Kerri-Anne Connor

Personal information
- Nationality: Australia
- Born: 3 April 1963 (age 63)

Medal record
Swimming
Paralympic Games
| Silver medal – second place | 1984 New York/Stoke Mandeville | Women's 100 m Backstroke 4 |
| Silver medal – second place | 1984 New York/Stoke Mandeville | Women's 100 m Freestyle 4 |
| Silver medal – second place | 1984 New York/Stoke Mandeville | Women's 4x50 m Individual Medley 4 |
| Silver medal – second place | 1984 New York/Stoke Mandeville | Women's 50 m Butterfly 4 |
| Bronze medal – third place | 1984 New York/Stoke Mandeville | Women's 100 m Breaststroke 4 |

= Kerri-Anne Connor =

Australian Paralympic swimmer

Kerri-Anne Weston (née Connor) (born 3 April 1963) is an Australian swimmer with paraplegia who won five medals at the 1984 New York/Stoke Mandeville Paralympics.

==Personal==
Connor was born on 3 April 1963 in the Atherton Tableland, as the eldest of three children. Her father ran a contract drainage company, which her mother, formerly a teacher, worked for.
She lived in Townsville until she was ten, when she moved with her parents to the Gold Coast. She won a gold medal in the under 7's 50 m backstroke. She competed in squash, basketball, and synchronised swimming, and became one of the first Australian women to receive a surf-lifesaving bronze Medallion.

On New Year's Eve in 1980, when she was seventeen and had recently graduated high school, she had a bout of transverse myelitis that left her paraplegic.
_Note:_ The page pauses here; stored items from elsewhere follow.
Lemma is_derive_energy x : a <= x <= b -> is_derive x 1 energy (energy' x).
Proof.
move=> /w_derive[w_d w1_d].
have phi_d : is_derive x 1 phi (phi1 x).
  by apply: is_derive_eq; rewrite /GRing.scale /= /phi1 /s /s1; ring.
have phi1_d : is_derive x 1 phi1 (phi2 x).
  by apply: is_derive_eq; rewrite /GRing.scale /= /phi2 /s /s1; ring.
by apply: is_derive_eq; rewrite /GRing.scale /= /energy'; ring.
Qed.

Lemma energy'_lb x : a < x < b -> lam * f0 * phi x <= energy' x.
Proof.
move=> x_ab; have /andP[ax xb] := x_ab.
have e_ge : expR (- b) <= expR (- x) by rewrite ler_expR; lra.
have s_01 : 0 <= s x <= 1.
  have [xa_ge0 bx_ge0] : 0 <= x - a /\ 0 <= b - x by split; lra.
  have [xa_le1 bx_le1] : x - a <= 1 /\ b - x <= 1 by move: ab_le1; split; lra.
  by apply/andP; split; [apply: mulr_ge0|rewrite -[1]mulr1 ler_pM].
have s1_11 : -1 <= s1 x <= 1 by move: ab_le1; rewrite /s1 => ?; apply/andP; split; lra.
have n_gt0 : 0 < n by apply: lt_le_trans n_ge1.
have M_ge : (5 * n + 16) ^+ 2 / (2 * n * expR (- x)) <= M.
  rewrite /M ler_pM2l ?exprn_gt0 ?ltr_pwDr //; last by lra.
  by rewrite lef_pV2 ?posrE ?mulr_gt0 ?expR_gt0 // ler_pM2l ?mulr_gt0.
have quad := quadratic_term_lb (w x) n_ge1 (expR_gt0 (- x)) s_01 s1_11.
have F_phi : lam * f0 * phi x <= lam * F x * phi x.
  by rewrite ler_wpM2r ?exprn_ge0 ?ler_wpM2l ?F_ge //; case/andP: s_01.
have -> : energy' x = lam * F x * phi x + M + (n / 2 * expR (- x) * s x ^+ 4 * w x ^+ 2
   + (12 * s x ^+ 2 * s1 x ^+ 2 - 8 * s x ^+ 3 + 4 * (n - 1) * s x ^+ 3 * s1 x
      - n * s x ^+ 4) * w x).
  have w2_x : w2 x = (n - 1) * w1 x + n * w x - n / 2 * expR (- x) * w x ^+ 2 - lam * F x.
    by move: (w_eqn _ x_ab); lra.
  by rewrite /energy' /phi /phi1 /phi2 /= w2_x; ring.
lra.
Qed.

Lemma forced_lam_bound : lam <= lam_bound n a b f0.
Proof.
set L := b - a; set sig := (L ^+ 2 / 16) ^+ 4.
have L_gt0 : 0 < L by rewrite subr_gt0.
have n_gt0 : 0 < n by apply: lt_le_trans n_ge1.
have sig_gt0 : 0 < sig by rewrite exprn_gt0 // divr_gt0 // exprn_gt0.
have phi_ge0 t : a < t < b -> 0 <= phi t.
  by case/andP=> ? ?; rewrite exprn_ge0 // mulr_ge0 // subr_ge0 ltW.
have energy'_ge0 t : a < t < b -> 0 <= energy' t.
  move=> t_ab; apply: le_trans (energy'_lb _ t_ab).
  by rewrite mulr_ge0 ?phi_ge0 // mulr_ge0 // ltW.
have energy'_mid t : a + L / 4 < t < b - L / 4 -> lam * f0 * sig <= energy' t.
  move=> /andP[t_ge t_le].
  have t_ab : a < t < b by apply/andP; split; lra.
  apply: le_trans (energy'_lb _ t_ab); apply: ler_wpM2l; first by rewrite mulr_ge0 // ltW.
  have quarter_le : L / 4 * (L / 4) <= s t by rewrite ler_pM ?divr_ge0 ?ltW //; lra.
  rewrite /sig /phi (_ : L ^+ 2 / 16 = L / 4 * (L / 4)); last by rewrite expr2; field.
  have quarter_ge0 : 0 <= L / 4 * (L / 4) by rewrite mulr_ge0 // divr_ge0 // ltW.
  by apply: lerXn2r; rewrite // nnegrE // (le_trans quarter_ge0).
have [aa' a'b' b'b] : [/\ a <= a + L / 4, a + L / 4 <= b - L / 4 & b - L / 4 <= b].
  by move: ab; rewrite /L; split; lra.
have := derive_lb_increment_sub aa' a'b' b'b is_derive_energy energy'_ge0 energy'_mid.
have -> : energy b - energy a = M * L.
  by rewrite /energy /phi /phi1 /s !subrr !(mul0r, mulr0) /L; ring.
rewrite (_ : b - L / 4 - (a + L / 4) = L / 2); last by rewrite /L; field.
move=> inc; have bound : lam * (f0 * sig) <= 2 * M.
  by rewrite -(ler_pM2r L_gt0); lra.
have -> : lam_bound n a b f0 = 2 * M / (f0 * sig).
  rewrite /lam_bound /M -/L -/sig; field.
  by rewrite !gt_eqF ?expR_gt0.
by rewrite ler_pdivlMr ?mulr_gt0.
Qed.
End ForcedEquation.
A cyst in her spine that she had removed in 1985 caused her to lose some strength in her arms, and later that year, she had two protruding spinal discs removed; the latter operation restored some muscle function in her lower body. She tried learning to walk again after this operation, but severe nerve root pain forced her to abandon this ambition.

She has been married to Grant since 1986. The couple have four children, three daughters and a son.

==Competitive career==
Connor began training in swimming for the National Wheelchair Games in 1981, and won five gold medals at her first national competition. Coached by Laurie Lawrence, she went to the 1982 World Wheelchair Games, where she won two gold medals in the 50 m butterfly and 100 m backstroke events (setting a world record in the former race), a silver medal in the 100 m freestyle event and a bronze medal in the 100 m breaststroke event. After she returned she received many awards in both disabled and able-bodied competitions including Sports Australia's Female Athlete of the Year and National Caltex-Berlei Disabled Athlete of the Year, and two awards from the Sporting Wheelies and Disabled Association, Queensland's Sporting Wheelie of the Year and Most Improved Athlete of the Year. She was disappointed by her performance at the 1983 World Wheelchair Games, where she did not win a gold medal.

Before the 1984 New York/Stoke Mandeville Games, she took up the Pritikin Diet to lose weight. The diet caused a vitamin deficiency which put her position in the Paralympic swim team in doubt, and meant that she required constant medical attention at the games. Despite this, she won four silver medals in the Women's 100 m Backstroke 4, Women's 100 m Freestyle 4, Women's 4x50 m Individual Medley 4 and Women's 50 m Butterfly 4 events, and a bronze medal in the Women's 100 m Breaststroke 4 event.

She then retired from swimming and took up wheelchair basketball. No other women were playing the sport in Queensland, so she joined the state men's team. She later played for the Australia women's national wheelchair basketball team, and was planning to be part of the team for the first women's Wheelchair Basketball World Championship in 1990. She then changed her mind after discovering that she was expecting her first child, who was born in May 1989.

==Recognition==
Connor was named the 1982 Junior Athlete of the Year in the Australian Sport Awards. In 1999 she was Inducted into the Gold Coast Sporting Hall of Fame.